Hong Kong-U.S. Economic Relations

Hong Kong is described by many observers as having the world's freest economy due to its low tax, free trade, and strong rule of law policies. Hong Kong is an important U.S. trading partner and serves as a gateway for many U.S. companies doing business in China. For those reasons, the continued economic autonomy of Hong Kong is of concern to Congress, as are a variety of trade issues such as the effectiveness of Hong Kong's export control regime on dual-use technologies, and protection of U.S. intellectual property rights. This report will be updated as events warrant.

RS20786 -- Hong Kong-U.S. Economic Relations

Updated January 27, 2005


Hong Kong is described by many observers as having the world's freest economy due to its low tax, free trade, and strong rule of law policies. Hong Kong is an important U.S. trading partner and serves as a gateway for many U.S. companies doing business in China. For those reasons, the continued economic autonomy of Hong Kong is of concern to Congress, as are a variety of trade issues such as the effectiveness of Hong Kong's export control regime on dual-use technologies, and protection of U.S. intellectual property rights. China. This report will be updated as events warrant.

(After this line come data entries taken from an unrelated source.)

Lemma ord4P (P : 'I_4 -> Prop) : P 0 -> P 1 -> P 2 -> P 3 -> forall i, P i.
Proof.
move=> P0 P1 P2 P3 [[|[|[|[|//]]]] lt_i4].
- by rewrite (_ : Ordinal _ = 0) //; apply/val_inj.
- by rewrite (_ : Ordinal _ = 1) //; apply/val_inj.
- by rewrite (_ : Ordinal _ = 2) //; apply/val_inj.
- by rewrite (_ : Ordinal _ = 3) //; apply/val_inj.
Qed.

Lemma big_ord4 (V : nmodType) (F : 'I_4 -> V) :
  \sum_(k < 4) F k = F 0 + F 1 + F 2 + F 3.
Proof.
rewrite !big_ord_recr big_ord0 /= add0r.
by congr (F _ + F _ + F _ + F _); apply/val_inj.
Qed.

Lemma big_ord2 (V : nmodType) (F : 'I_2 -> V) : \sum_(k < 2) F k = F 0 + F 1.
Proof.
rewrite !big_ord_recr big_ord0 /= add0r.
by congr (F _ + F _); apply/val_inj.
Qed.

(* [i == j] for distinct numerals of ['I_n] computes to [false], but [/=] does not
   simplify it. *)
Ltac eval_ord_eq :=
  rewrite ?eqxx; do ?(rewrite (_ : (_ == _ :> 'I__) = false); last by []).

Section TwoQubits.
Variable R : realType.
Local Notation C := R[i].
Implicit Types (a b : 'cV[C]_2) (M N : 'M[C]_4).

Lemma addmxE m n (A B : 'M[C]_(m, n)) i j : (A + B) i j = A i j + B i j.
Proof. by rewrite mxE. Qed.

Lemma scalemxE m n (x : C) (A : 'M[C]_(m, n)) i j : (x *: A) i j = x * A i j.
Proof. by rewrite mxE. Qed.

Lemma conjCM (x y : C) : (x * y)^* = x^* * y^*.
Proof. exact: rmorphM. Qed.

Lemma conjCN (x : C) : (- x)^* = - x^*.
Proof. exact: rmorphN. Qed.

Lemma conjC_real (x : R) : x%:C^* = x%:C.
Proof. exact: conjc_real. Qed.

Lemma adjE m n (A : 'M[C]_(m, n)) i j : adj A i j = (A j i)^*.
Proof. by rewrite !mxE. Qed.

Hong Kong is often characterized as the "world's freest economy" due to its strong rule of law, low tax and tariff rates, and minimal government interference in the economy. (1) Once a colony of Great Britain, Hong Kong was returned to Chinese sovereignty in July 1997 under an agreement that made it a "Special Administrative Region" (SAR) of China, a status that basically guarantees Hong Kong's economic and political autonomy for 50 years. Most observers contend that, to date, China has generally refrained from interfering in Hong Kong's economic affairs. (2)

Hong Kong's Economy

With a population of 6.8 million, Hong Kong is one of the world's most vibrant economies and a major center for international banking and foreign trade. It is utilized by many foreign companies as a gateway to markets in mainland China. With a per capita GDP of $27,700 on a purchasing power parity basis in 2003, Hong Kong maintains the second highest standard of living in Asia (after Japan); it is higher than that of many West European nations, including Germany and the United Kingdom. Hong Kong is a member of a variety of multilateral economic organizations, such as the World Trade Organization (WTO) and the Asia Pacific Economic Cooperation (APEC) forum.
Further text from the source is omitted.